__WHAT YOU ARE ASKED TO DO__: Taking the line with "(* product of" as the first and the line with "Definition sinv (g" as the last, set down exactly every line in that range from the entries below, and no more.

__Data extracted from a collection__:
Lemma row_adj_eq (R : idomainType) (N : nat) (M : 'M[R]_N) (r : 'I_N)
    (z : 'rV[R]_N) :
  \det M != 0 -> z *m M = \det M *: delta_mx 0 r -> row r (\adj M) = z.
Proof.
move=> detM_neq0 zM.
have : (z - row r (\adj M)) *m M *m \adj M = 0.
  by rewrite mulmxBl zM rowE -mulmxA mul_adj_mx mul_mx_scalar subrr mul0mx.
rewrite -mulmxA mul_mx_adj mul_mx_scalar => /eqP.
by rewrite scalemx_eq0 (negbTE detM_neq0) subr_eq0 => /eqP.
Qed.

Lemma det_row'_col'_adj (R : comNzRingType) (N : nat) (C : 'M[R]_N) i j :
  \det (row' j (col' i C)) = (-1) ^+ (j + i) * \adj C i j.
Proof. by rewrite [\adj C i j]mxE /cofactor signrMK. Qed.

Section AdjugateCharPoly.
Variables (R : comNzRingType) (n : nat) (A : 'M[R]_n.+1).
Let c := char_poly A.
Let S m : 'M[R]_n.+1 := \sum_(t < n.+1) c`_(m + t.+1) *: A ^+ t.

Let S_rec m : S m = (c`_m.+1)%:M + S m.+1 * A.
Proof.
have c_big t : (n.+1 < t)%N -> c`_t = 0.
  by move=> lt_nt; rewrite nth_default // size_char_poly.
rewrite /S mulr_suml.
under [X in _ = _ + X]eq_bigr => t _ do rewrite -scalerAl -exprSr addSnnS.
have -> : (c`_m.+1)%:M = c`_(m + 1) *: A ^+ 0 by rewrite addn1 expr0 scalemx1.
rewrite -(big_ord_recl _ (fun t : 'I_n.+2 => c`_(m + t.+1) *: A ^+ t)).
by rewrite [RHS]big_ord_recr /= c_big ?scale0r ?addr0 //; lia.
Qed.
--
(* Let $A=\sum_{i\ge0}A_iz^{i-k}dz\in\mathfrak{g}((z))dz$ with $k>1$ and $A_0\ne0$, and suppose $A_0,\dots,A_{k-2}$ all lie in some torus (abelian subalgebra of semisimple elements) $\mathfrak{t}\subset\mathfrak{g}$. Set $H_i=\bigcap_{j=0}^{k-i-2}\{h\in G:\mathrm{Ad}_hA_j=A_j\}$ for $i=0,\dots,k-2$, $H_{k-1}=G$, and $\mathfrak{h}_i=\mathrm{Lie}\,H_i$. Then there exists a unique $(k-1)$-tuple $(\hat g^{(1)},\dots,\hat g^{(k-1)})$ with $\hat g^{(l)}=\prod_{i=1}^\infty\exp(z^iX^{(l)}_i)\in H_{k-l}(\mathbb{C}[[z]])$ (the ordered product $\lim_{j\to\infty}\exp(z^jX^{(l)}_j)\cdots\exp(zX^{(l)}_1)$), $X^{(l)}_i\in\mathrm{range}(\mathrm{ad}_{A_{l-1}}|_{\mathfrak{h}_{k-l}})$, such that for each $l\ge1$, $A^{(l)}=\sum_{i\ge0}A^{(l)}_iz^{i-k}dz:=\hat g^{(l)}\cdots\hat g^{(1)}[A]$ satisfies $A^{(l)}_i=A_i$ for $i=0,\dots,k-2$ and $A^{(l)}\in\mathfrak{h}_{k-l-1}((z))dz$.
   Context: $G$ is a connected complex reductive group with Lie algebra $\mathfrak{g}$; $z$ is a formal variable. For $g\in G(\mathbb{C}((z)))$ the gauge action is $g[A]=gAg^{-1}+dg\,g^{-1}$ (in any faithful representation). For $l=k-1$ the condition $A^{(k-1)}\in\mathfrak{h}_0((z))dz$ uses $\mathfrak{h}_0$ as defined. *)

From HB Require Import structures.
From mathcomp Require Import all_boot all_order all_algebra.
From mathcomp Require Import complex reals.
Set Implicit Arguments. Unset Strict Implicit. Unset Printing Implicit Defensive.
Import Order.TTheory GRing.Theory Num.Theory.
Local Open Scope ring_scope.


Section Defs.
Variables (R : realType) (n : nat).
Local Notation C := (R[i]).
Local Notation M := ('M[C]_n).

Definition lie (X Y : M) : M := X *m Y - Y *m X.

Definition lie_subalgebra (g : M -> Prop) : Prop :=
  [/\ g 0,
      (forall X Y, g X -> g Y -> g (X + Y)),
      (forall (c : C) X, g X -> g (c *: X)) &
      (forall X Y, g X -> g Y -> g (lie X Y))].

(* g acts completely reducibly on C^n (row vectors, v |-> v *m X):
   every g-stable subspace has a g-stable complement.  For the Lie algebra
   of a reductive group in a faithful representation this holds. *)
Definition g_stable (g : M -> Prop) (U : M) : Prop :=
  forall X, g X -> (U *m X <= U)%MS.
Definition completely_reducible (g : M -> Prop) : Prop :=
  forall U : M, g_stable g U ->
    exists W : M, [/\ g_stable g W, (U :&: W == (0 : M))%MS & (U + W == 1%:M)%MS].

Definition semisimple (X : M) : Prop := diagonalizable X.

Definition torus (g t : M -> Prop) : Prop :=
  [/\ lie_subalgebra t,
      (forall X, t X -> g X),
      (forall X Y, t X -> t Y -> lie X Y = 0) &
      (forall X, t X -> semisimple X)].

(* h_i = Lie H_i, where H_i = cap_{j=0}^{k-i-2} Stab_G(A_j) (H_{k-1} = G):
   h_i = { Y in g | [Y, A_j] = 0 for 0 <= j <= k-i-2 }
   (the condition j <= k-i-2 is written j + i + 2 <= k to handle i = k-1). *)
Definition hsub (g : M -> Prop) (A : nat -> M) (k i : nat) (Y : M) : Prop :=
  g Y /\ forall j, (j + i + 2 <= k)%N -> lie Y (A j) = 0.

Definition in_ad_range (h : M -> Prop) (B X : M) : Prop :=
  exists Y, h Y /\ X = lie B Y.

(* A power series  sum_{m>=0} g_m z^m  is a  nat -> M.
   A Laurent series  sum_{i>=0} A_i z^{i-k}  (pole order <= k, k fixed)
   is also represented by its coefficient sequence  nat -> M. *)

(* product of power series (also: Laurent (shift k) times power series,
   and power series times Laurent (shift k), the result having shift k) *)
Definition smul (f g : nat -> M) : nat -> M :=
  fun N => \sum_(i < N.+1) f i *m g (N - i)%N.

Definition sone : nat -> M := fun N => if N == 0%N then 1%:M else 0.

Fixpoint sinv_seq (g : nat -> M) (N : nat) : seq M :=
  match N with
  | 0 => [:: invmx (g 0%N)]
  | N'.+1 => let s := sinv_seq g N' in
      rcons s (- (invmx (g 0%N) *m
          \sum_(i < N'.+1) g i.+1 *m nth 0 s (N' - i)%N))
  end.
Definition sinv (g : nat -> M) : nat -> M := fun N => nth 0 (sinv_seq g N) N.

__RESPONSE BELOW__:
(* product of power series (also: Laurent (shift k) times power series,
   and power series times Laurent (shift k), the result having shift k) *)
Definition smul (f g : nat -> M) : nat -> M :=
  fun N => \sum_(i < N.+1) f i *m g (N - i)%N.

Definition sone : nat -> M := fun N => if N == 0%N then 1%:M else 0.

Fixpoint sinv_seq (g : nat -> M) (N : nat) : seq M :=
  match N with
  | 0 => [:: invmx (g 0%N)]
  | N'.+1 => let s := sinv_seq g N' in
      rcons s (- (invmx (g 0%N) *m
          \sum_(i < N'.+1) g i.+1 *m nth 0 s (N' - i)%N))
  end.
Definition sinv (g : nat -> M) : nat -> M := fun N => nth 0 (sinv_seq g N) N.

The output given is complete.